These changes create an embedding space where, for example, keywords with similar price impacts or market influences naturally group together.

Applications

This value-sensitive embedding technique has several practical applications:

  1. E-commerce Keyword Optimization:
    Identifying keywords with similar price impacts to improve product listing strategies.

  2. Investment Analysis:
    Clustering terms in financial reports by their correlation with stock performance.

  3. Customer Segmentation:
    Grouping descriptors based on their association with customer lifetime value.

  4. Sentiment Analysis:
    Developing nuanced embeddings that capture the intensity of emotions, not just simple polarity.

By explicitly incorporating external metrics into our word embeddings, ValueVec creates representations that are better aligned with specific business objectives and quantitative outcomes.

color_dataset_gen.py
def create_color_spectrum_dataset(n_colors=20, random_seed=42):
    """
    Create a simple dataset of colors positioned along the visible light spectrum.
    
    Args:
        n_colors: Number of colors to generate
        random_seed: Random seed for reproducibility
    
    Returns:
        DataFrame with color names and their position values (wavelength)
        vocabulary: List of all unique color names
    """
    # Set random seed for reproducibility
    random.seed(random_seed)
    np.random.seed(random_seed)
    
    # Base colors in spectrum order (roughly corresponding to wavelength)
    base_colors = [
        "violet", "indigo", "blue", "cyan", "teal", "green", 
        "chartreuse", "yellow", "gold", "orange", "red", "crimson"
    ]
    
    # Generate derived color names by adding modifiers
    modifiers = ["light", "dark", "vivid", "pale", "deep", "bright"]
    
    colors = base_colors.copy()
    while len(colors) < n_colors:
        base = random.choice(base_colors)
        modifier = random.choice(modifiers)
        new_color = f"{modifier}-{base}"
        if new_color not in colors:
            colors.append(new_color)
    
    # Trim to exact number requested
    colors = colors[:n_colors]
    
    # Assign positions along the spectrum (wavelength in nm, approximately)
    # Violet ~380nm to Red ~750nm
    base_positions = {
        "violet": 380,
        "indigo": 420,
        "blue": 460,
        "cyan": 490,
        "teal": 510,
        "green": 530,
        "chartreuse": 560,
        "yellow": 580,
        "gold": 600,
        "orange": 620,
        "red": 680,
        "crimson": 730
    }
    
    # Function to get position, adding small noise for modifiers
    def get_position(color):
        if color in base_positions:
            return base_positions[color]
        else:
            # For derived colors, extract the base
            parts = color.split('-')
            modifier = parts[0]
            base = parts[1]
            
            base_pos = base_positions[base]
            
            # Modifiers shift the position slightly
            modifier_shifts = {
                "light": -10,
                "dark": +10,
                "vivid": -5,
                "pale": -15,
                "deep": +15,
                "bright": -8
            }
            
            shift = modifier_shifts.get(modifier, 0)
            # Add a small random noise
            noise = np.random.normal(0, 3)
            
            return base_pos + shift + noise
    
    # Create the dataset
    df = pd.DataFrame({
        "keyword": colors,
        "estimated_value": [get_position(color) for color in colors]
    })
    
    # Sort by wavelength to see the spectrum order
    df = df.sort_values("estimated_value").reset_index(drop=True)
    
    # Create vocabulary list
    vocabulary = df["keyword"].tolist()
    
    print(f"Created dataset with {len(df)} colors along the visible spectrum")
    print(df.head())
    
    return df, vocabulary

This code generates a reproducible synthetic dataset where each color name is associated with a numerical value representing its position on the visible spectrum.
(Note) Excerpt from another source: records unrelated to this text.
Lemma slemma_mult_ge v : 0 < qform G v -> - qform F v / qform G v <= slemma_mult.
Proof.
move=> Gv; rewrite le_max; apply/orP; right.
by apply: ub_le_sup; [exists (qform F v0 / - qform G v0); exact: slemma_ratio_ub | exists v].
Qed.

Theorem slemma v : 0 <= qform F v + slemma_mult * qform G v.
Proof.
have [Gv|Gv|G0] := ltrgtP (qform G v) 0; last by rewrite G0 mulr0 addr0 FG ?G0.
- have := slemma_mult_le Gv; rewrite ler_pdivlMr ?oppr_gt0 //; lra.
- have := slemma_mult_ge Gv; rewrite ler_pdivrMr //; lra.
Qed.

End SLemma.

Lemma ge0_quadratic_lead (R : realFieldType) (a b c : R) :
  (forall s : R, 0 <= s -> 0 <= a + b * s + c * s ^+ 2) -> 0 <= c.
Proof.
move=> H; rewrite leNgt; apply/negP => c_lt0.
have ab_ge0 : 0 <= `|a| + `|b| by rewrite addr_ge0.
(* for s >= 1, a + b s + c s^2 <= s (|a| + |b| + c s), and c s = c - |a| - |b| here *)
set s := (`|a| + `|b|) / - c + 1.
have s_ge1 : 1 <= s by rewrite lerDr divr_ge0 // oppr_ge0 ltW.
have cs : c * s = - (`|a| + `|b|) + c.
  by rewrite /s; field; rewrite lt_eqF.
have := H s (le_trans ler01 s_ge1).
have := ler_norm a; have := ler_norm b; have := normr_ge0 a; have := normr_ge0 b.
have : b * s <= `|b| * s by rewrite ler_wpM2r ?ler_norm // (le_trans ler01 s_ge1).
have : `|a| <= `|a| * s by rewrite ler_peMr.
rewrite expr2 mulrA cs; nra.
Qed.

Section Homogenization.
Variables (R : realFieldType) (m : nat) (F G : 'M[R]_m.+1).
Implicit Types v : 'cV[R]_m.+1.
Hypothesis FG1 : forall v, v ord0 0 = 1 -> qform G v <= 0 -> 0 <= qform F v.
Hypothesis G_ge0_infty : forall v, v ord0 0 = 0 -> 0 <= qform G v.
Variable v0 : 'cV[R]_m.+1.
Hypotheses (v0_1 : v0 ord0 0 = 1) (Gv0 : qform G v0 < 0).
(* Let $\mathbb F$ be a field, let $A\subset\mathbb F$ be a finite set, let $n\le |A|$, and let $a_1,\dots,a_n\in\mathbb F\setminus\{0\}$ (not necessarily distinct). Let $n_1,\dots,n_t$ be the multiplicities of the distinct values occurring among $a_1,\dots,a_n$ (so $\sum_{i=1}^t n_i=n$), and put $$d:=n\big(|A|-n\big)+\sum_{1\le i<j\le t}n_in_j .$$ If $\mathbb F$ has characteristic $0$ or characteristic $p>d$, then $$\Big|\Big\{\sum_{i=1}^n a_ix_i \;:\; x_1,\dots,x_n\in A,\ x_i\ne x_j \text{ for } i\ne j\Big\}\Big|\ \ge\ d+1 .$$ *)

From HB Require Import structures.
From mathcomp Require Import all_boot all_order all_algebra.
Set Implicit Arguments. Unset Strict Implicit. Unset Printing Implicit Defensive.
Import Order.TTheory GRing.Theory Num.Theory.

Definition mults (T : eqType) (s : seq T) : seq nat :=
  [seq count (pred1 v) s | v <- undup s].

Definition pair_prod_sum (m : seq nat) : nat :=
  (\sum_(i < size m) \sum_(j < size m | (i < j)%N) nth 0 m i * nth 0 m j)%N.

Definition dparam (F : fieldType) (n : nat) (A : seq F) (a : 'I_n -> F) : nat :=
  (n * (size A - n) + pair_prod_sum (mults [seq a i | i <- enum 'I_n]))%N.

Definition restricted_sum (F : fieldType) (n : nat) (A : seq F) (a : 'I_n -> F)
    (y : F) : Prop :=
  exists x : 'I_n -> F,
    (forall i, x i \in A) /\ injective x /\ y = (\sum_(i < n) a i * x i)%R.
It uses a combination of base colors and modifiers to increase the diversity of the dataset and then applies a function to assign a realistic wavelength value to each color name. This dataset serves as an illustrative example for experiments, such as clustering or embedding in vector spaces based on continuous values. The table below is the data it generated.

keyword estimated_value
light-violet 368.591577
bright-violet 371.585207
violet 380.000000
indigo 420.000000
dark-indigo 431.627680
blue 460.000000
cyan 490.000000
light-teal 500.942742
deep-cyan 503.609747
dark-cyan 504.569090
teal 510.000000
dark-teal 521.943066
green 530.000000
chartreuse 560.000000
dark-chartreuse 568.313137
yellow 580.000000
deep-yellow 591.961507
light-gold 594.737638
gold 600.000000
pale-orange 607.302304
light-orange 608.602811
dark-gold 610.725887
orange 620.000000
bright-red 671.297589
light-red 671.490142
red 680.000000
bright-crimson 716.260159
light-crimson 719.297540
crimson 730.000000
deep-crimson 739.825247

The Visible Spectrum and Estimated Values

The visible spectrum is the portion of the electromagnetic spectrum that the human eye can perceive. It ranges from about 380 nanometers (violet) to about 750 nanometers (red). In everyday terms, it’s the range of colors you see in a rainbow: violet, blue, green, yellow, orange, and red.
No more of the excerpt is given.